When you solve for implied FCF growth, you're capturing net growth—the combined effect of revenue growth and margin changes. If the implied FCF growth is 12% but revenue growth is only 8%, the market is pricing in margin expansion. This is a testable assumption: Can the company realistically expand margins by 40–50% (the implied leverage) over five years?
Common mistakes in calculation
Mistake 1: Forgetting to update shares outstanding or using old net debt figures.
If a company has done a large acquisition or issued equity, share count changes. Use current shares outstanding. Similarly, net debt should be current, not historical.
Mistake 2: Using the wrong FCF definition.

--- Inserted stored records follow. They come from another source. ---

(* Let $\mathsf{V}$ be a variety of $\mathcal{L}$-algebras that has equationally definable principal congruences. If $\mathsf{V}$ is coherent and has the amalgamation property and the equational variable restriction property, then $\mathrm{Th}(\mathsf{V})$ has a model completion.
   Context: $\mathcal{L}$ is an algebraic first-order language with at least one constant symbol $c$; $\bot$ is $\neg(c\approx c)$. $\mathsf{V}\models\alpha$ means all members satisfy $\alpha$ under all assignments. A model completion of a theory $T$ is a model complete theory $T^*$ with the same universal consequences as $T$ such that for every model $M$ of $T$, $T^*$ plus the diagram of $M$ is complete. Equationally definable principal congruences: there is a conjunction of equations $\alpha(x_1,x_2,y_1,y_2)$ such that for all $\mathbf{A}\in\mathsf{V}$ and $a_1,a_2,b_1,b_2\in A$, $(a_1,a_2)$ lies in the congruence of $\mathbf{A}$ generated by $(b_1,b_2)$ iff $\mathbf{A}\models\alpha(a_1,a_2,b_1,b_2)$. Coherent: every finitely generated subalgebra of a finitely presented member of $\mathsf{V}$ is finitely presented. Amalgamation property: for $\mathbf{A},\mathbf{B},\mathbf{C}\in\mathsf{V}$ and embeddings $f\colon\mathbf{A}\to\mathbf{B}$, $g\colon\mathbf{A}\to\mathbf{C}$ there are $\mathbf{D}\in\mathsf{V}$ and embeddings $h,k$ with $hf=kg$. Equational variable restriction property: for every finite set of variables $\overline{x}$, variable $y\notin\overline{x}$ and conjunction of equations $\gamma(\overline{x},y)$, there is a formula $\pi(\overline{x})$ that is either $\bot$ or a conjunction of equations with $\mathsf{V}\models\pi\to\gamma$ and such that for every conjunction of equations $\varphi(\overline{x})$, $\mathsf{V}\models\varphi\to\gamma$ implies $\mathsf{V}\models\varphi\to\pi$. *)

From mathcomp Require Import all_boot.
From Stdlib Require List.

Unset Implicit Arguments.
Unset Strict Implicit.
Unset Printing Implicit Defensive.

Section FOL.

Variable F : Type.
Variable ar : F -> nat.

Record algebra := Algebra {
  carrier :> Type;
  ops : forall f : F, ('I_(ar f) -> carrier) -> carrier }.
Arguments ops a f _ : clear implicits.

(* ---------------- terms and formulas ----------------
   Terms over variables indexed by nat, with extra constant symbols from C
   (C = void gives L-terms, C = carrier M gives L(M)-terms for diagrams). *)
Inductive term (C : Type) : Type :=
| Var of nat
| Cst of C
| App (f : F) of ('I_(ar f) -> term C).
Arguments Var {C}.
Arguments Cst {C}.
Arguments App {C} f _.

Inductive form (C : Type) : Type :=
| FEq of term C & term C
| FNot of form C
| FAnd of form C & form C
| FOr of form C & form C
| FImp of form C & form C
| FAll of nat & form C
| FEx of nat & form C.
Arguments FEq {C}. Arguments FNot {C}. Arguments FAnd {C}. Arguments FOr {C}.
Arguments FImp {C}. Arguments FAll {C}. Arguments FEx {C}.

Definition eqn := (term void * term void)%type.

Fixpoint tmap {C D : Type} (g : C -> D) (t : term C) : term D :=
  match t with
  | Var n => Var n
  | Cst k => Cst (g k)
  | App f args => App f (fun i => tmap g (args i))
  end.

Fixpoint fmap {C D : Type} (g : C -> D) (p : form C) : form D :=
  match p with
  | FEq t1 t2 => FEq (tmap g t1) (tmap g t2)
  | FNot q => FNot (fmap g q)
  | FAnd q r => FAnd (fmap g q) (fmap g r)
  | FOr q r => FOr (fmap g q) (fmap g r)
  | FImp q r => FImp (fmap g q) (fmap g r)
  | FAll n q => FAll n (fmap g q)
  | FEx n q => FEx n (fmap g q)
  end.

Fixpoint toccurs {C : Type} (n : nat) (t : term C) : Prop :=
  match t with
  | Var m => m = n
  | Cst _ => False
  | App f args => exists i, toccurs n (args i)
  end.

Fixpoint ffree {C : Type} (n : nat) (p : form C) : Prop :=
  match p with
  | FEq t1 t2 => toccurs n t1 \/ toccurs n t2
  | FNot q => ffree n q
  | FAnd q r | FOr q r | FImp q r => ffree n q \/ ffree n r
  | FAll m q | FEx m q => m <> n /\ ffree n q
  end.

Definition sentence {C : Type} (p : form C) : Prop := forall n, ~ ffree n p.

Fixpoint qfree {C : Type} (p : form C) : Prop :=
  match p with
  | FEq _ _ => True
  | FNot q => qfree q
  | FAnd q r | FOr q r | FImp q r => qfree q /\ qfree r
  | FAll _ _ | FEx _ _ => False
  end.

Inductive universal {C : Type} : form C -> Prop :=
| univ_qf p : qfree p -> universal p
| univ_all n p : universal p -> universal (FAll n p).

Definition tvars_in {C : Type} (X : nat -> Prop) (t : term C) : Prop :=
  forall n, toccurs n t -> X n.
Definition eqns_vars_in (X : nat -> Prop) (E : seq eqn) : Prop :=
  forall p, List.In p E -> tvars_in X p.1 /\ tvars_in X p.2.

(* a conjunction of equations (the empty conjunction is x0 = x0, i.e. true) *)
Definition conj_eqs (E : seq eqn) : form void :=
  foldr (fun p q => FAnd (FEq (tmap id p.1) (tmap id p.2)) q)
        (FEq (Var 0) (Var 0)) E.

Section Semantics.
Variable A : algebra.
Variable C : Type.
Variable kappa : C -> A.

Fixpoint eval (v : nat -> A) (t : term C) : A :=
  match t with
  | Var n => v n
  | Cst k => kappa k
  | App f args => ops A f (fun i => eval v (args i))
  end.

Definition upd (v : nat -> A) (n : nat) (a : A) : nat -> A :=
  fun m => if m == n then a else v m.

Fixpoint sat (v : nat -> A) (p : form C) : Prop :=
  match p with
  | FEq t1 t2 => eval v t1 = eval v t2
  | FNot q => ~ sat v q
  | FAnd q r => sat v q /\ sat v r
  | FOr q r => sat v q \/ sat v r
  | FImp q r => sat v q -> sat v r
  | FAll n q => forall a, sat (upd v n a) q
  | FEx n q => exists a, sat (upd v n a) q
  end.

End Semantics.
Arguments eval {A C} kappa v t.
Arguments upd {A} v n a.
Arguments sat {A C} kappa v p.

Definition novoid (A : Type) : void -> A := fun x => match x with end.

Definition models_th {C : Type} (T : form C -> Prop) (A : algebra)
  (kappa : C -> A) : Prop :=
  forall p, T p -> forall v, sat kappa v p.

Definition entails {C : Type} (T : form C -> Prop) (p : form C) : Prop :=
  forall (A : algebra) (kappa : C -> A), models_th T A kappa ->
    forall v, sat kappa v p.

Definition complete_th {C : Type} (T : form C -> Prop) : Prop :=
  (exists (A : algebra) (kappa : C -> A), models_th T A kappa) /\
  forall p, sentence p -> entails T p \/ entails T (FNot p).

Definition hom {A B : algebra} (h : A -> B) : Prop :=
  forall f (args : 'I_(ar f) -> A), h (ops A f args) = ops B f (fun i => h (args i)).

Definition embedding {A B : algebra} (h : A -> B) : Prop :=
  hom h /\ injective h.

Definition elementary {A B : algebra} (h : A -> B) : Prop :=
  forall (p : form void) (v : nat -> A),
    sat (novoid A) v p <-> sat (novoid B) (fun n => h (v n)) p.

Definition Lmodel (T : form void -> Prop) (A : algebra) : Prop :=
  models_th T A (novoid A).

Definition model_complete (T : form void -> Prop) : Prop :=
  forall (A B : algebra) (h : A -> B),
    Lmodel T A -> Lmodel T B -> embedding h -> elementary h.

Operating cash flow minus capex is a simplified FCF. Some analysts include working capital changes, taxes, or other adjustments. Be consistent and clear about what "FCF" means in your model.
Mistake 3: Letting the terminal assumption drift.

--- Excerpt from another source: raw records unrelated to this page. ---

Lemma Ebin_harris (U : {set T}) (h g : {set T} -> R) :
    (forall E F : {set T}, E \subset F -> h E <= h F) ->
    (forall E F : {set T}, E \subset F -> g F <= g E) ->
  Ebin U (fun E => h E * g E) <= Ebin U h * Ebin U g.
Proof.
elim/set_ind: U h g => [|x U xU IH] h g hup gdn; first by rewrite !Ebin_set0.
rewrite !Ebin_setU1 //.
have h01 : Ebin U h <= Ebin U (fun E => h (x |: E)).
  by apply: ler_Ebin => E _; apply: hup; apply: subsetUr.
have g10 : Ebin U (fun E => g (x |: E)) <= Ebin U g.
  by apply: ler_Ebin => E _; apply: gdn; apply: subsetUr.
have IH1 := IH (fun E => h (x |: E)) (fun E => g (x |: E)).
have {}IH1 : Ebin U (fun E => h (x |: E) * g (x |: E)) <=
    Ebin U (fun E => h (x |: E)) * Ebin U (fun E => g (x |: E)).
  by apply: IH1 => E F EF; [apply: hup | apply: gdn]; apply: setUS.
have IH0 := IH h g hup gdn.
move: IH0 IH1 h01 g10.
set a1 := Ebin U (fun E => h (x |: E)); set a0 := Ebin U h.
set b1 := Ebin U (fun E => g (x |: E)); set b0 := Ebin U g.
set X1 := Ebin U (fun E => h (x |: E) * g (x |: E)).
set X0 := Ebin U (fun E => h E * g E) => IH0 IH1 h01 g10.
case/andP: p01 => p0 p1.
have cov : 0 <= p * (1 - p) * ((a1 - a0) * (b0 - b1)) by rewrite !mulr_ge0 // subr_ge0.
have e1 : p * X1 <= p * (a1 * b1) by rewrite ler_wpM2l.
have e0 : (1 - p) * X0 <= (1 - p) * (a0 * b0) by rewrite ler_wpM2l // subr_ge0.
have -> : (p * a1 + (1 - p) * a0) * (p * b1 + (1 - p) * b0) =
  p * (a1 * b1) + (1 - p) * (a0 * b0) + p * (1 - p) * ((a1 - a0) * (b0 - b1)) by ring.
lra.
Qed.
End BinomialRandomSubset.

Arguments eq_Ebin {R T p U h1 h2}.

(** * Janson's inequality *)

Section Janson.
Variables (R : realType) (T I : finType) (p : R) (U : {set T}) (X : I -> {set T}) (K : {set I}).
Hypothesis p01 : 0 <= p <= 1.
Hypothesis XU : {in K, forall i, X i \subset U}.

Definition avoids (J : {set I}) (E : {set T}) : bool := [forall j in J, ~~ (X j \subset E)].

Definition overlap (i j : I) : bool := ~~ [disjoint X i & X j].

(* The overlap sum runs over all of [K], not only over the indices added before [i]:
   this weakens the bound but lets the induction in [janson_ineq] keep [K] fixed. *)
Definition janson_gain (i : I) : R :=
  p ^+ #|X i| - \sum_(j in K | (j != i) && overlap i j) p ^+ #|X i :|: X j|.

Lemma avoidsS (J J' : {set I}) (E : {set T}) : J \subset J' -> avoids J' E -> avoids J E.
Proof.
move=> JJ' /forall_inP avJ'; apply/forall_inP => j jJ; exact/avJ'/(subsetP JJ').
Qed.

Lemma avoidsU (J J' : {set I}) (E : {set T}) :
  avoids (J :|: J') E = avoids J E && avoids J' E.
Proof.
apply/forall_inP/andP => [avJ|[/forall_inP avJ /forall_inP avJ'] j].
  by split; apply/forall_inP => j jJ; apply: avJ; rewrite inE jJ ?orbT.
by rewrite inE => /orP[/avJ|/avJ'].
Qed.

Lemma avoids_set1 (i : I) (E : {set T}) : avoids [set i] E = ~~ (X i \subset E).
Proof.
by apply/forall_inP/idP => [/(_ i (set11 i))|nXi j /set1P ->].
Qed.

Lemma avoids_anti (J : {set I}) (E F : {set T}) : E \subset F -> avoids J F -> avoids J E.
Proof.
move=> EF /forall_inP avF; apply/forall_inP => j /avF.
by apply: contra => /subset_trans; apply.
Qed.

Lemma avoids_setDl (i : I) (J : {set I}) (E : {set T}) :
  {in J, forall j, ~~ overlap i j} -> avoids J (E :\: X i) = avoids J E.
Proof.
move=> disjJ; apply/forall_inP/forall_inP => avJ j jJ; last first.
  by apply: contra (avJ j jJ) => /subset_trans; apply; apply: subsetDl.
apply: contra (avJ j jJ) => XjE; rewrite subsetD XjE disjoint_sym.
by have := disjJ j jJ; rewrite negbK.
Qed.

(* Boppana-Spencer step: avoiding the X j disjoint from X i is independent of
   [X i \subset E], and each overlapping j costs at most p ^+ #|X i :|: X j| by the
   Harris inequality. *)
Lemma Ebin_hit_avoids_ge (i : I) (J : {set I}) : i \in K -> J \subset K ->
  Ebin p U (fun E => (avoids [set j in J | ~~ overlap i j] E)%:R) *
    (p ^+ #|X i| - \sum_(j in J | overlap i j) p ^+ #|X i :|: X j|)
  <= Ebin p U (fun E => (X i \subset E)%:R * (avoids J E)%:R).
Proof.
move=> iK JK; set Jb := [set j in J | ~~ overlap i j].
set Pb := Ebin p U (fun E => (avoids Jb E)%:R).
have hit_avoids_Jb : Ebin p U (fun E => (X i \subset E)%:R * (avoids Jb E)%:R) = p ^+ #|X i| * Pb.
  by rewrite Ebin_indep ?XU // => E; rewrite avoids_setDl // => j; rewrite inE => /andP[].
have hit2_avoids_Jb j : j \in J ->
    Ebin p U (fun E : {set T} => (X i :|: X j \subset E)%:R * (avoids Jb E)%:R)
      <= p ^+ #|X i :|: X j| * Pb.
  move=> jJ; have XjU : X j \subset U by apply/XU/(subsetP JK).
  have XijU : X i :|: X j \subset U by rewrite subUset XjU XU.
  rewrite -(Ebin_superset p XijU).
  apply: Ebin_harris => // E F EF.
    by rewrite ler_nat; case: (boolP (_ \subset E)) => // /subset_trans/(_ EF) ->.
  by rewrite ler_nat; case: (boolP (avoids Jb F)) => // /(avoids_anti EF) ->.
have pointwise (E : {set T}) : (X i \subset E)%:R * (avoids Jb E)%:R -
     \sum_(j in J | overlap i j) (X i :|: X j \subset E)%:R * (avoids Jb E)%:R
   <= (X i \subset E)%:R * (avoids J E)%:R :> R.
  have -> : avoids J E = avoids Jb E && avoids [set j in J | overlap i j] E.
    rewrite -avoidsU; congr avoids; apply/setP => k.
    by rewrite !inE; case: (k \in J); case: (overlap i k).
  have sum_ge0 (P : pred I) (b : I -> bool) (c : bool) :
      0 <= \sum_(k in J | P k) (b k)%:R * c%:R :> R.
    by apply: sumr_ge0 => k _; rewrite mulr_ge0 ?ler0n.
  case: (boolP (X i \subset E)) => XiE; last by rewrite !mul0r sub0r oppr_le0.
  case: (boolP (avoids Jb E)) => avJb; last first.
    by rewrite mulr0 big1 ?subr0 ?mulr0 // => k _; rewrite mulr0.
  case: (boolP (avoids _ E)) => [_|/forall_inPn [j]]; first by rewrite lerBlDr lerDl.
  rewrite inE negbK => /andP[jJ ovj] XjE; rewrite mulr0 subr_le0 (bigD1 j) ?jJ //=.
  rewrite subUset XiE XjE !mulr1 lerDl; apply: sumr_ge0 => k _; by rewrite mulr1 ler0n.
apply: (le_trans _ (ler_Ebin p01 (fun E _ => pointwise E))); rewrite EbinB Ebin_sum hit_avoids_Jb.
rewrite mulrBr [Pb * _]mulrC lerB // mulr_sumr; apply: ler_sum => j /andP[jJ _].
by rewrite mulrC; apply: hit2_avoids_Jb.
Qed.

Lemma Ebin_avoids_setU1 (i : I) (J : {set I}) : i \in K -> i \notin J -> J \subset K ->
  Ebin p U (fun E => (avoids (i |: J) E)%:R) <=
    Ebin p U (fun E => (avoids J E)%:R) * (1 - janson_gain i).
Proof.
move=> iK iJ JK; set P := Ebin p U (fun E => (avoids J E)%:R).
set Q := Ebin p U (fun E => (X i \subset E)%:R * (avoids J E)%:R).
set r := p ^+ #|X i| - \sum_(j in J | overlap i j) p ^+ #|X i :|: X j|.
have JbJ : [set j in J | ~~ overlap i j] \subset J by apply/subsetP => j; rewrite inE => /andP[].
have P_le : P <= Ebin p U (fun E => (avoids [set j in J | ~~ overlap i j] E)%:R).
  apply: ler_Ebin => // E _; rewrite ler_nat.
  by case: (boolP (avoids J E)) => // /(avoidsS JbJ) ->.
have P0 : 0 <= P by apply: Ebin_ge0 => // E _; apply: ler0n.
have Q0 : 0 <= Q by apply: Ebin_ge0 => // E _; rewrite mulr_ge0 ?ler0n.
have gain_le : janson_gain i <= r.
  rewrite lerB // [X in _ <= X]big_mkcond [X in X <= _]big_mkcond /=.
  apply: ler_sum => j _; case: (boolP (j \in J)) => jJ; last first.
    by case: ifP => // _; rewrite exprn_ge0 //; case/andP: p01.
  by rewrite (subsetP JK) //= (memPn iJ).
have -> : Ebin p U (fun E => (avoids (i |: J) E)%:R) = P - Q.
  rewrite -EbinB; apply: eq_Ebin => E _; rewrite avoidsU avoids_set1.
  by case: (X i \subset E); case: (avoids J E); rewrite /= ?mul1r ?mul0r ?subr0 ?subrr.
rewrite mulrBr mulr1 lerB //; case: (lerP 0 r) => r0.
  apply: le_trans (ler_wpM2l P0 gain_le) _.
  by apply: le_trans _ (Ebin_hit_avoids_ge iK JK); rewrite ler_wpM2r.
by apply: le_trans _ Q0; rewrite mulr_ge0_le0 // ltW // (le_lt_trans gain_le).
Qed.

Theorem janson_ineq (J : {set I}) : J \subset K ->
  Ebin p U (fun E => (avoids J E)%:R) <= expR (- \sum_(i in J) janson_gain i).
Proof.
elim/set_ind: J => [|i J iJ IH] JK.
  rewrite big_set0 oppr0 expR0 (eq_Ebin (h2 := fun _ => 1)) ?Ebin_cst // => E _.
  suff -> : avoids set0 E by []; by apply/forall_inP => j; rewrite inE.
have iK : i \in K by apply: (subsetP JK); rewrite setU11.
have {}JK : J \subset K by apply: subset_trans JK; apply: subsetUr.
apply: le_trans (Ebin_avoids_setU1 iK iJ JK) _.
have P0 : 0 <= Ebin p U (fun E => (avoids J E)%:R).
  by apply: Ebin_ge0 => // E _; apply: ler0n.
have gain_exp : 1 - janson_gain i <= expR (- janson_gain i).
  by have := expR_ge1Dx (- janson_gain i); lra.
apply: le_trans (ler_wpM2l P0 gain_exp) _.
rewrite big_setU1 //= (opprD (janson_gain i)) expRD [expR (- janson_gain i) * _]mulrC.
by rewrite ler_wpM2r ?expR_ge0 ?IH.
Qed.
End Janson.

(** * Random thinning *)

Lemma sum_indicator_subset (R : pzSemiRingType) (I : finType) (A S : {set I}) (P : pred I)
    (F : I -> R) :
  S \subset A -> \sum_(i in A | P i) F i * (i \in S)%:R = \sum_(i in S | P i) F i.
Proof.
move=> SA; rewrite big_mkcond [RHS]big_mkcond; apply: eq_bigr => i _.
case: (boolP (i \in S)) => [/(subsetP SA) -> | _]; first by rewrite mulr1.
by rewrite mulr0; case: (_ && _).
Qed.

Lemma sum_indicator_subsetT (R : pzSemiRingType) (I : finType) (A S : {set I}) (F : I -> R) :
  S \subset A -> \sum_(i in A) F i * (i \in S)%:R = \sum_(i in S) F i.
Proof.
move=> SA; rewrite big_mkcond [RHS]big_mkcond; apply: eq_bigr => i _.
case: (boolP (i \in S)) => [/(subsetP SA) -> | _]; first by rewrite mulr1.
by rewrite mulr0; case: (_ \in _).
Qed.

Section Thinning.
Variables (R : realType) (I : finType) (K0 : {set I}) (q : R).
Hypothesis q01 : 0 <= q <= 1.

Lemma exists_subset_thinning (a : I -> R) (b : I -> I -> R) (c : rel I) :
  exists2 S : {set I}, S \subset K0 &
    q * \sum_(i in K0) a i - q ^+ 2 * \sum_(i in K0) \sum_(j in K0 | (j != i) && c i j) b i j
    <= \sum_(i in S) a i - \sum_(i in S) \sum_(j in S | (j != i) && c i j) b i j.
Proof.
pose f (S : {set I}) := \sum_(i in S) a i - \sum_(i in S) \sum_(j in S | (j != i) && c i j) b i j.
have <- : Ebin q K0 f =
    q * \sum_(i in K0) a i - q ^+ 2 * \sum_(i in K0) \sum_(j in K0 | (j != i) && c i j) b i j.
  rewrite (eq_Ebin (h2 := fun S => \sum_(i in K0) a i * (i \in S)%:R -
     \sum_(i in K0) \sum_(j in K0 | (j != i) && c i j) b i j * ((i \in S)%:R * (j \in S)%:R))).
    rewrite EbinB !Ebin_sum !mulr_sumr; congr (_ - _); apply: eq_bigr => i iK0.
      by rewrite EbinZ Ebin_mem // mulrC.
    rewrite Ebin_sum mulr_sumr; apply: eq_bigr => j /andP[jK0 /andP[ji _]].
    by rewrite EbinZ Ebin_mem2 // mulrC.
  move=> T TK0; rewrite /f -(sum_indicator_subsetT _ TK0); congr (_ - _).
  rewrite -(sum_indicator_subsetT _ TK0); apply: eq_bigr => i iK0.
  rewrite -(sum_indicator_subset _ _ TK0) mulr_suml; apply: eq_bigr => j _.
  by rewrite -mulrA [(j \in T)%:R * _]mulrC.
exact: exists_Ebin_le.
Qed.
End Thinning.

If you're solving for Year 1–5 growth, you're holding terminal growth constant. But if you haven't thought carefully about what terminal growth should be, you're anchoring the entire calculation to a weak assumption. Do the research: What's the long-run growth rate of the economy? What's the company's long-run competitive position? 2–3% is reasonable for mature companies; 1–2% for aging ones; 3–5% for companies with structural growth advantages.

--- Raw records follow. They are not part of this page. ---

Lemma continuous_powR_exponent (R : realType) (b : R) : 0 < b -> continuous (powR b).
Proof.
move=> b0; have -> : powR b = (fun t => expR (t * ln b)).
  by apply: boolp.funext => t; rewrite /powR gt_eqF.
move=> t; apply: continuous_comp; last exact: continuous_expR.
by apply: continuousM => //; apply: cvg_cst.
Qed.

Lemma continuous_sum_powR (R : realType) n (e w : 'I_n -> R) :
  (forall j, 0 < e j) -> continuous (fun t => \sum_j e j `^ t * w j).
Proof.
move=> e_gt0; apply: continuous_big => [|j _]; first exact: add_continuous.
move=> t; apply: continuousM; first exact: continuous_powR_exponent.
exact: cvg_cst.
Qed.

Lemma dyadic_approx (R : archiFieldType) (t e : R) : 0 <= t <= 1 -> 0 < e ->
  exists m k, (k <= 2 ^ m)%N /\ `|t - k%:R / (2 ^ m)%:R| < e.
Proof.
move=> /andP[t_ge0 t_le1] e_gt0; set M := (Num.truncn e^-1).+1.
set D : R := (2 ^ M)%:R; have D_gt0 : 0 < D by rewrite ltr0n expn_gt0.
have eD_gt1 : 1 < e * D.
  rewrite -(mulfV (lt0r_neq0 e_gt0)) ltr_pM2l // (lt_trans (truncnS_gt _)) //.
  by rewrite ltr_nat ltn_expl.
have tD_ge0 : 0 <= t * D by rewrite mulr_ge0 // ltW.
have /andP[k_le k_gt] := truncn_itv tD_ge0; set k := Num.truncn (t * D) in k_le k_gt *.
exists M, k; split.
  by rewrite -(ler_nat R) (le_trans k_le) // -/D -{2}[D]mul1r ler_pM2r.
have -> : t - k%:R / D = (t * D - k%:R) / D by field; rewrite lt0r_neq0.
rewrite ger0_norm ?divr_ge0 ?subr_ge0 ?(ltW D_gt0) // ltr_pdivrMr //.
by move: k_gt; rewrite -natr1; nra.
Qed.

Section LoewnerHeinz.
Variables (R : realType) (n : nat) (A B : 'M[R[i]]_n).
Hypotheses (pA : pdmx A) (pB : pdmx B) (AB : loewner A B).

Lemma loewner_mpow t : 0 <= t <= 1 -> loewner (mpow A t) (mpow B t).
Proof.
move=> t01 v.
pose g X s := \sum_j eigval X j `^ s * complex.Re (`|(v *m (spectralmx X)^t*) 0 j| ^+ 2).
have g_qform X s : qform (mpow X s) v = (g X s)%:C%C := qform_mpow X v s.
have g_cont X : pdmx X -> continuous (g X).
  by move=> pX; apply: continuous_sum_powR => j; apply: pdmx_eigval_gt0.
have g_dyadic m k : (k <= 2 ^ m)%N -> g A (k%:R / (2 ^ m)%:R) <= g B (k%:R / (2 ^ m)%:R).
  move=> le_k; have AB1 : loewner (mpow A 1) (mpow B 1) by rewrite !mpowr1.
  have := loewner_dyadic (fun s t => mpowD s t pA) (mpowr0 A)
    (fun s t => mpowD s t pB) (mpowr0 B) (mpow_adj A) (mpow_adj B) AB1 le_k v.
  by rewrite !g_qform lecR.
rewrite !g_qform lecR -subr_ge0 leNgt; apply/negP => gBA_lt0.
have H_cont : continuous (fun s => g B s - g A s).
  by move=> s; apply: continuousB; apply: g_cont.
have := (nbhs_ballP _ _).1 (cvgr_lt _ (H_cont t) _ gBA_lt0).
rewrite /nbhs_ball /nbhs_ball_ => -[e /= e_gt0 He].
have [m [k [le_k near_t]]] := dyadic_approx t01 e_gt0.
by have := He _ near_t; rewrite subr_lt0 ltNge g_dyadic.
Qed.

Lemma loewner_mpowN t : 0 <= t <= 1 -> loewner (mpow B (- t)) (mpow A (- t)).
Proof.
move=> t01; apply: loewner_invmx (loewner_mpow t01).
- exact/pdmx_psdmx/mpow_pdmx.
- exact: mpow_herm.
- exact: mpow_herm.
- by rewrite mpowD // subrr mpowr0.
- by rewrite mpowD // subrr mpowr0.
Qed.

End LoewnerHeinz.

Unset Implicit Arguments.

Theorem corollary4p1 (R : realType) (k n : nat)
  (A B : 'M[R[i]]_k) (Phi : {linear 'M[R[i]]_k -> 'M[R[i]]_n}) (p : R) :
  pdmx A -> pdmx B -> positive_map Phi -> unital_map Phi ->
  -1 <= p <= 1 -> p != 0 ->
  \tr (mpow (Phi (mpow (A + B) p)) (- p^-1))
    <= \tr (mpow (Phi (mpow A p)) (- p^-1)) + \tr (mpow (Phi (mpow B p)) (- p^-1)).
Proof.
move=> pA pB Phi_pos Phi1 /andP[p_geN1 p_le1] p_neq0.
have pAB := pdmxD pA pB; have A_le_AB := loewner_addr A (pdmx_psdmx pB).
have pPhi X : pdmx X -> pdmx (Phi (mpow X p)).
  by move=> pX; exact: (@unital_positive_map_pdmx _ _ _ Phi Phi_pos _ Phi1 (mpow_pdmx p pX)).
have Phi_le X Y : loewner (mpow X p) (mpow Y p) -> loewner (Phi (mpow X p)) (Phi (mpow Y p)).
  by apply: positive_map_loewner => //; apply: mpow_herm.
rewrite -[X in X <= _]addr0; apply: lerD; last exact: tr_mpow_ge0.
have [p_gt0 | p_le0] := ltrP 0 p.
  have p01 : 0 <= p <= 1 by rewrite ltW.
  have AB_p := loewner_mpow pA pAB A_le_AB p01.
  apply: loewner_tr_mpow_nonpos (pPhi _ pA) (pPhi _ pAB) (Phi_le _ _ AB_p) _.
  by rewrite oppr_le0 invr_ge0 ltW.
have p_lt0 : p < 0 by rewrite lt_neqAle p_neq0.
have Np01 : 0 <= - p <= 1 by apply/andP; split; lra.
have := loewner_mpowN pA pAB A_le_AB Np01; rewrite opprK => AB_p.
apply: loewner_tr_mpow_ge1 (pPhi _ pAB) (pPhi _ pA) (Phi_le _ _ AB_p) _.
by rewrite -invrN invf_ge1 ?oppr_gt0 // lerNl.
Qed.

Mistake 4: Using the stock price as a proxy for equity value.
Stock price is stock price. To get equity value, multiply by shares outstanding. And remember: when you're calculating implied growth, you're working backward from market price to enterprise value, not the reverse.
FAQ
Q: How do I choose between solving for growth vs. solving for WACC?
Ask: Which assumption am I least confident in? If you have a solid estimate of the company's cost of capital but growth is wildly uncertain, solve for growth. If cost of capital is opaque but growth is fairly clear, solve for WACC.
Q: Does implied growth change every day?
Yes. Stock prices change minute by minute. If you run implied growth calculations on Monday and Thursday at different prices, you'll get different numbers. This is actually useful: you can track how the market's growth assumptions have shifted by comparing implied growth rates over time.
Q: What if the implied growth rate is negative?
This suggests the market is pricing in contraction. For a mature, stable business, this is rare. For a distressed company, it's common. Negative implied growth deserves investigation: Is the market wrong, or is the business genuinely deteriorating?
Q: Can I use implied growth to predict the stock's next move?
No. Implied growth tells you what's priced in today. If earnings come in below expectations, sentiment shifts, or the competitive environment changes, the implied growth rate will change, but reverse DCF won't predict that shift.
Q: Is there a "right" implied growth rate?
Not universally. The "right" rate depends on the company's fundamentals, competitive position, and market opportunity. Reverse DCF reveals what is priced in; you supply the judgment about what should be priced in.
Related concepts
- Understanding Free Cash Flow — The numerator you're growing in your DCF model.
- WACC: Weighted Average Cost of Capital — The discount rate you'll hold constant when solving for growth.
- Terminal Value and Perpetual Growth — The assumptions that dominate DCF sensitivity.
- Market Expectation Analysis — The next step: interpreting what your implied growth rate means.
Summary
Calculating implied growth rates is a mechanical exercise: build a DCF, hold WACC and terminal assumptions constant, and solve for the growth rate that matches the market price. The real skill lies not in the calculation but in interpreting the result. Compare implied growth to history, guidance, peers, and fundamentals. Assess whether the market's implicit bet on growth is realistic. Use this analysis to inform your investment decision.
The power of implied growth rates lies in making market assumptions visible and testable. Once you know what growth the market is pricing in, you can decide if that's a reasonable bet.